Wherever a line in the material contains the word "Stdlib", copy that line.

--- --- ---

(* Consider the Keyfitz–Kranzer system $\partial_t u_1 + \partial_x(u_1^2 - u_2) = 0$, $\partial_t u_2 + \partial_x(\tfrac{1}{3}u_1^3 - u_1) = 0$ with flux $f(u) = (u_1^2 - u_2,\ \tfrac13 u_1^3 - u_1)^T$ for $u=(u_1,u_2)\in\mathbb{R}^2$, entropy $U(u) = \exp(\tfrac12 u_1^2 - u_2)$, entropy variables $w(u) = (u_1 U(u),\ -U(u))^T$ and flux potential $\psi(u) = (\tfrac23 u_1^3 - u_1 u_2)\,U(u)$. For $u_-=(u_{1,-},u_{2,-})$, $u_+=(u_{1,+},u_{2,+})\in\mathbb{R}^2$ write $U_\pm = U(u_\pm)$ and define $f^{\mathrm{num}}(u_-,u_+) = (f^{\mathrm{num}}_1, f^{\mathrm{num}}_2)$ by \[ f^{\mathrm{num}}_1 = \tfrac16\bigl(u_{1,+}^2 + u_{1,+}u_{1,-} + u_{1,-}^2\bigr) + \tfrac12\bigl(\log U_+ + \log U_-\bigr), \] \[ f^{\mathrm{num}}_2 = \tfrac12(u_{1,+}+u_{1,-})\, f^{\mathrm{num}}_1 - \tfrac12\Bigl(\tfrac16 u_{1,+}^3 + u_{1,+}\log U_+ + \tfrac16 u_{1,-}^3 + u_{1,-}\log U_-\Bigr) - \frac{\tfrac12(U_+ + U_-)}{L(U_-,U_+)}\cdot \tfrac12(u_{1,+}+u_{1,-}), \] where $L(a,b) = \frac{b-a}{\log b - \log a}$ for $a\neq b$ and $L(a,a)=a$ (logarithmic mean, $a,b>0$). Then $f^{\mathrm{num}}$ is consistent, i.e. $f^{\mathrm{num}}(u,u) = f(u)$ for all $u\in\mathbb{R}^2$, and entropy-conservative, i.e. for all $u_-,u_+\in\mathbb{R}^2$, \[ \bigl(w(u_+) - w(u_-)\bigr)\cdot f^{\mathrm{num}}(u_-,u_+) = \psi(u_+) - \psi(u_-). \]
   Context: Here $\cdot$ denotes the Euclidean inner product on $\mathbb{R}^2$ and $\log$ is the natural logarithm; note $\log U(u) = \tfrac12 u_1^2 - u_2$. The convention $L(a,a)=a$ is the continuous extension of the logarithmic mean to the diagonal. *)

From Stdlib Require Export Reals.
Open Scope R_scope.

Definition kk_flux (u : R * R) : R * R :=
  let (u1, u2) := u in (u1 ^ 2 - u2, / 3 * u1 ^ 3 - u1).

Definition kk_U (u : R * R) : R :=
  let (u1, u2) := u in exp (/ 2 * u1 ^ 2 - u2).

Definition kk_w (u : R * R) : R * R := (fst u * kk_U u, - kk_U u).

Definition kk_psi (u : R * R) : R :=
  let (u1, u2) := u in (2 / 3 * u1 ^ 3 - u1 * u2) * kk_U u.

Definition logmean (a b : R) : R :=
  if Req_EM_T a b then a else (b - a) / (ln b - ln a).

Definition dot2 (x y : R * R) : R := fst x * fst y + snd x * snd y.

Definition sub2 (x y : R * R) : R * R := (fst x - fst y, snd x - snd y).

Definition fnum1 (um up : R * R) : R :=
  let a := fst up in let b := fst um in
  / 6 * (a ^ 2 + a * b + b ^ 2) + / 2 * (ln (kk_U up) + ln (kk_U um)).

Definition fnum2 (um up : R * R) : R :=
  let a := fst up in let b := fst um in
  / 2 * (a + b) * fnum1 um up
  - / 2 * (/ 6 * a ^ 3 + a * ln (kk_U up) + / 6 * b ^ 3 + b * ln (kk_U um))
  - (/ 2 * (kk_U up + kk_U um)) / logmean (kk_U um) (kk_U up) * (/ 2 * (a + b)).

Definition fnum (um up : R * R) : R * R := (fnum1 um up, fnum2 um up).

From Stdlib Require Import Reals Lra.
Open Scope R_scope.

(* With l = log U, i.e. u2 = u1^2/2 - l, every term of the entropy identity is a
   polynomial in u1, l and U except the last summand of fnum2, which carries
   M = S / L(U-, U+) with S = (U+ + U-)/2.  The defining property of the
   logarithmic mean, (U+ - U-) M = S (l+ - l-), is the only non-polynomial fact
   needed: the entropy defect is (u1+ + u1-)/2 times its defect. *)

Lemma logmean_diag (a : R) : logmean a a = a.
Proof.
  unfold logmean; destruct (Req_EM_T a a) as [_ | Hne]; [reflexivity | now exfalso].
Qed.

Lemma logmean_mul_ln_sub (a b : R) :
  0 < a -> 0 < b -> logmean a b * (ln b - ln a) = b - a.
Proof.
  intros Ha Hb; unfold logmean.
  destruct (Req_EM_T a b) as [-> | Hne]; [ring |].
  assert (ln b - ln a <> 0).
  { intro Hln; apply Hne, ln_inv; lra. }
  field; assumption.
Qed.

Lemma logmean_neq0 (a b : R) : 0 < a -> 0 < b -> logmean a b <> 0.
Proof.
  intros Ha Hb H0.
  assert (Hab : b - a = 0) by (rewrite <- logmean_mul_ln_sub, H0 by assumption; ring).
  replace b with a in H0 by lra.
  rewrite logmean_diag in H0; lra.
Qed.

Lemma sub_mul_div_logmean (a b S : R) :
  0 < a -> 0 < b -> (b - a) * (S / logmean a b) = S * (ln b - ln a).
Proof.
  intros Ha Hb.
  rewrite <- (logmean_mul_ln_sub a b) by assumption.
  field; apply logmean_neq0; assumption.
Qed.

Lemma kk_U_pos (u : R * R) : 0 < kk_U u.
Proof. destruct u; apply exp_pos. Qed.

Lemma ln_kk_U (u : R * R) : ln (kk_U u) = / 2 * fst u ^ 2 - snd u.
Proof. destruct u; apply ln_exp. Qed.

Lemma fnum_consistent (u : R * R) : fnum u u = kk_flux u.
Proof.
  assert (HU := kk_U_pos u).
  unfold fnum, fnum2; rewrite logmean_diag.
  unfold fnum1; rewrite ln_kk_U.
  destruct u as [a c]; cbv beta iota delta [kk_flux fst snd].
  f_equal; field; lra.
Qed.

Lemma fnum_entropy_conservative (um up : R * R) :
  dot2 (sub2 (kk_w up) (kk_w um)) (fnum um up) = kk_psi up - kk_psi um.
Proof.
  set (S := / 2 * (kk_U up + kk_U um)).
  set (M := S / logmean (kk_U um) (kk_U up)).
  assert (Hjump : (kk_U up - kk_U um) * M = S * (ln (kk_U up) - ln (kk_U um)))
    by (apply sub_mul_div_logmean; apply kk_U_pos).
  unfold dot2, sub2, kk_w, fnum, fnum2, fnum1; fold S M.
  apply Rminus_diag_uniq.
  transitivity (/ 2 * (fst up + fst um)
                * ((kk_U up - kk_U um) * M - S * (ln (kk_U up) - ln (kk_U um)))).
  - clearbody M; rewrite !ln_kk_U; unfold S.
    destruct um as [b cm], up as [a cp]; cbv beta iota delta [kk_psi fst snd].
    field.
  - rewrite Hjump; ring.
Qed.

Theorem mainTheorem1 :
  (forall u : R * R, fnum u u = kk_flux u) /\
  (forall um up : R * R,
     dot2 (sub2 (kk_w up) (kk_w um)) (fnum um up) = kk_psi up - kk_psi um).
Proof.
  split.
  - exact fnum_consistent.
  - exact fnum_entropy_conservative.
Qed.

--- --- ---

ANSWER TO THIS TASK -
From Stdlib Require Export Reals.
From Stdlib Require Import Reals Lra.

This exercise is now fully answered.